Ministry of Social Welfare, Relief and Resettlement
- Incumbent
- Assumed office 31 July 2025
- Appointed by: National Defence and Security Council
- Deputy: Dr. Than Soe

Minister for Social Welfare, Relief and Resettlement(Myanmar)
- In office 3 August 2023 – 31 July 2025
- Appointed by: State Administration Council
- Preceded by: Thet Thet Khine

Deputy Minister of the Chairman of the State Administration Council
- In office 23 July 2023 – 3 August 2023

Deputy Minister of the Ministry of Sports and Youth Affairs (Myanmar)
- In office 19 August 2022 – 23 July 2023

Personal details
- Awards: Zeya Kyawhtin (2016) Wunna Kyawhtin Thiri Pyanchi (2025)

Military service
- Allegiance: Myanmar
- Branch/service: Myanmar Army
- Rank: Major General

= Soe Win (physician) =

Burmese politician

Soe Win (စိုးဝင်း ) is a Burmese politician and retired military officer who is currently serving as the Union Minister for Ministry of Social Welfare, Relief and Resettlement.

== Military career ==
Soe Win served as the Director of the Directorate of Medical Services under the Commander-in-chief.
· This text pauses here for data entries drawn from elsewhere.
Lemma norm2_ge0 p (z : 'cV[R]_p) : 0 <= (z^T *m z) 0 0.
Proof. by rewrite mxE; apply: sumr_ge0 => i _; rewrite mxE -expr2 sqr_ge0. Qed.

Lemma norm2_eq0 p (z : 'cV[R]_p) : (z^T *m z) 0 0 = 0 -> z = 0.
Proof.
rewrite mxE => z2_0; apply/colP => i; rewrite mxE.
have sq_ge0 (j : 'I_p) : true -> 0 <= z^T 0 j * z j 0.
  by move=> _; rewrite mxE -expr2 sqr_ge0.
have := @psumr_eq0P _ _ xpredT _ sq_ge0 z2_0 i isT.
by rewrite mxE => /eqP; rewrite mulf_eq0 orbb => /eqP.
Qed.

End NormSquare.

Section HodgeLaplacian.
Variables (R : realFieldType) (p q r : nat).
Variables (B : 'M[R]_(p, q)) (C : 'M[R]_(r, q)).

Definition laplacian : 'M[R]_q := B^T *m B + C^T *m C.
Definition schur : 'M[R]_p := B *m invmx laplacian *m B^T.

Lemma laplacian_tr : laplacian^T = laplacian.
Proof. by rewrite /laplacian linearD /= !trmx_mul !trmxK. Qed.

Lemma schur_tr : schur^T = schur.
Proof. by rewrite /schur !trmx_mul trmxK trmx_inv laplacian_tr mulmxA. Qed.

(* The quadratic form of the Laplacian is |Bx|^2 + |Cx|^2. *)
Lemma laplacian_form0 (x : 'cV[R]_q) :
  (x^T *m (laplacian *m x)) 0 0 = 0 -> B *m x = 0 /\ C *m x = 0.
Proof.
have -> : x^T *m (laplacian *m x) = (B *m x)^T *m (B *m x) + (C *m x)^T *m (C *m x).
  by rewrite /laplacian mulmxDl mulmxDr !trmx_mul !mulmxA.
rewrite mxE => /eqP; rewrite paddr_eq0 ?norm2_ge0 // => /andP [/eqP Bx0 /eqP Cx0].
by split; apply: norm2_eq0.
Qed.

(* If Ker C is the range of B^T, then Ker B and Ker C meet trivially:
   x = B^T phi and B x = 0 force |x|^2 = phi^T B x = 0. *)
Lemma exact_kernels_trivial :
  (forall x : 'cV[R]_q, C *m x = 0 -> exists phi : 'cV[R]_p, x = B^T *m phi) ->
  forall x : 'cV[R]_q, B *m x = 0 -> C *m x = 0 -> x = 0.
Proof.
move=> exactness x Bx0 /exactness [phi xE]; apply: norm2_eq0.
by rewrite [in X in X *m _]xE trmx_mul trmxK -mulmxA Bx0 mulmx0 mxE.
Qed.

Hypothesis kernels_trivial : forall x : 'cV[R]_q, B *m x = 0 -> C *m x = 0 -> x = 0.

Lemma laplacian_definite (x : 'cV[R]_q) : (x^T *m (laplacian *m x)) 0 0 = 0 -> x = 0.
Proof. by case/laplacian_form0; apply: kernels_trivial. Qed.

Lemma laplacian_unit : laplacian \in unitmx.
Proof.
rewrite unitmxE unitfE; apply/negP => /det0P [w w_neq0 wA0].
suff : w^T = 0 by move/(congr1 trmx); rewrite trmxK trmx0 => w0; rewrite w0 eqxx in w_neq0.
apply: laplacian_definite.
by rewrite -[laplacian]laplacian_tr -trmx_mul wA0 trmx0 mulmx0 mxE.
Qed.

(* The Schur complement is positive semidefinite with kernel Ker B^T:
   y^T S y is the A^-1-norm of B^T y. *)
Lemma schur_ker (y : 'cV[R]_p) : schur *m y = 0 -> B^T *m y = 0.
Proof.
move=> Sy0; set w := invmx laplacian *m (B^T *m y).
have Aw : laplacian *m w = B^T *m y by rewrite /w mulKVmx ?laplacian_unit.
suff w0 : w = 0 by rewrite -Aw w0 mulmx0.
apply: laplacian_definite; rewrite Aw.
have -> : w^T = y^T *m B *m invmx laplacian.
  by rewrite /w !trmx_mul trmxK trmx_inv laplacian_tr.
have -> : y^T *m B *m invmx laplacian *m (B^T *m y) = y^T *m (schur *m y).
  by rewrite /schur !mulmxA.
by rewrite Sy0 mulmx0 mxE.
Qed.

Hypothesis complex : C *m B^T = 0.

(* When C B^T = 0, the two halves of the Laplacian annihilate each other,
   so C^T C commutes with the Laplacian and hence with its inverse. *)
Lemma laplacian_inv_commute :
  invmx laplacian *m (C^T *m C) = C^T *m C *m invmx laplacian.
Proof.
have BCt : B *m C^T = 0 by rewrite -[B]trmxK -trmx_mul complex trmx0.
have commute : C^T *m C *m laplacian = laplacian *m (C^T *m C).
  rewrite /laplacian mulmxDr mulmxDl.
  by rewrite !mulmxA -(mulmxA _ C) -(mulmxA _ B) complex BCt !mulmx0 !mul0mx.
have Au := laplacian_unit.
transitivity (invmx laplacian *m (C^T *m C *m laplacian) *m invmx laplacian).
  by rewrite -!mulmxA (mulmxV Au) mulmx1.
by rewrite commute !mulmxA (mulVmx Au) mul1mx.
Qed.

Lemma schur_idem : schur *m schur = schur.
Proof.
have Au := laplacian_unit.
have BtB : B^T *m B = laplacian - C^T *m C by rewrite /laplacian addrK.
have CCAB : C^T *m (C *m (invmx laplacian *m B^T)) = 0.
  by rewrite !mulmxA -laplacian_inv_commute -!mulmxA complex !mulmx0.
rewrite /schur.
transitivity (B *m invmx laplacian *m (B^T *m B) *m invmx laplacian *m B^T).
  by rewrite !mulmxA.
rewrite BtB mulmxBr !mulmxBl -!mulmxA (mulKmx Au).
by rewrite CCAB !mulmx0 subr0.
Qed.

End HodgeLaplacian.

Section RankOneProjector.
Variables (R : fieldType) (p : nat) (S : 'M[R]_p) (e : 'cV[R]_p).
Hypotheses (S_idem : S *m S = S) (S_sym : S^T = S) (Se0 : S *m e = 0).
Hypotheses (e_unit : e^T *m e = 1%:M).
Hypothesis kerS : forall y : 'cV[R]_p, S *m y = 0 -> exists a, y = a *: e.

(* A symmetric idempotent whose kernel is the line through the unit vector e
   is the orthogonal projector I - e e^T: for every y, y - S y lies in Ker S,
   so it is a multiple of e, namely its component e e^T y. *)
Lemma projector_rank_one : S = 1%:M - e *m e^T.
Proof.
apply/eqP; rewrite -subr_eq0; apply/eqP; apply: mulmx_cols0 => y.
set z := y - S *m y.
have [a zE] : exists a, z = a *: e by apply: kerS; rewrite mulmxBr mulmxA S_idem subrr.
have eS0 : e^T *m S = 0 by rewrite -S_sym -trmx_mul Se0 trmx0.
have ez : e^T *m z = e^T *m y by rewrite /z mulmxBr mulmxA eS0 mul0mx subr0.
have zP : e *m (e^T *m y) = z by rewrite -ez zE -!scalemxAr e_unit mulmx1.
by rewrite mulmxBl !mulmxBl mul1mx -mulmxA zP /z subKr subrr.
Qed.

End RankOneProjector.

Theorem schur_complement_projector (R : realFieldType) p q r
    (B : 'M[R]_(p, q)) (C : 'M[R]_(r, q)) (e : 'cV[R]_p) :
  C *m B^T = 0 ->
  (forall x : 'cV[R]_q, C *m x = 0 -> exists phi : 'cV[R]_p, x = B^T *m phi) ->
  B^T *m e = 0 -> e^T *m e = 1%:M ->
  (forall y : 'cV[R]_p, B^T *m y = 0 -> exists a, y = a *: e) ->
  laplacian B C \in unitmx /\ schur B C = 1%:M - e *m e^T.
Proof.
move=> complex exactness Bte e_unit kerBt.
have ker0 := exact_kernels_trivial exactness.
split; first exact: laplacian_unit.
apply: projector_rank_one => //.
- exact: schur_idem.
- exact: schur_tr.
- by rewrite /schur -!mulmxA Bte !mulmx0.
- by move=> y /(schur_ker ker0) /kerBt.
Qed.

Lemma mixed_radixK a b w : (b < w)%N -> ((a * w + b) %/ w = a)%N /\ ((a * w + b) %% w = b)%N.
Proof.
move=> bw; have w0 : (0 < w)%N by apply: leq_ltn_trans bw.
by rewrite divnMDl // divn_small // addn0 modnMDl modn_small.
Qed.

Lemma mixed_radix_lt a b v w : (a < v)%N -> (b < w)%N -> (a * w + b < v * w)%N.
Proof.
move=> av bw; apply: (@leq_trans (a * w + w)); first by rewrite ltn_add2l.
by rewrite -mulSnr leq_mul2r av orbT.
Qed.

Section NatIndexing.
Variable R : pzRingType.

(* Entries of column vectors and matrices read at natural-number indices,
   with value 0 out of range; this lets index arithmetic be done in nat. *)
Definition entry p (z : 'cV[R]_p) (k : nat) : R :=
  if (insub k : option 'I_p) is Some i then z i 0 else 0.

Definition mentry r c (A : 'M[R]_(r, c)) (i j : nat) : R :=
  match (insub i : option 'I_r), (insub j : option 'I_c) with
  | Some i', Some j' => A i' j'
  | _, _ => 0
  end.

Lemma entryE p (z : 'cV[R]_p) (i : 'I_p) : entry z i = z i 0.
Proof. by rewrite /entry valK. Qed.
He retired with the rank of Major General and was known to be the personal physician of Senior General Min Aung Hlaing.

== Political career ==
=== Deputy Minister ===
On 19 August 2022, the State Administration Council appointed Soe Win as the Deputy Minister for the Ministry of Sports and Youth Affairs. In July 2023, he was transferred to the Office of the Chairman of the State Administration Council as a Deputy Minister.

=== Union Minister ===
Following the cabinet reshuffle on 3 August 2023, Soe Win was appointed as the Union Minister for Social Welfare, Relief and Resettlement. After the reconstitution of the government under the Nyo Saw administration on 31 July 2025, he was reappointed to the same position.

== Awards and honors ==
In 2016, President Thein Sein awarded him the Zeya Kyawhtin, a military honor for distinguished service. In April 2025, he was conferred the Thiri Pyanchi by the State Administration Council.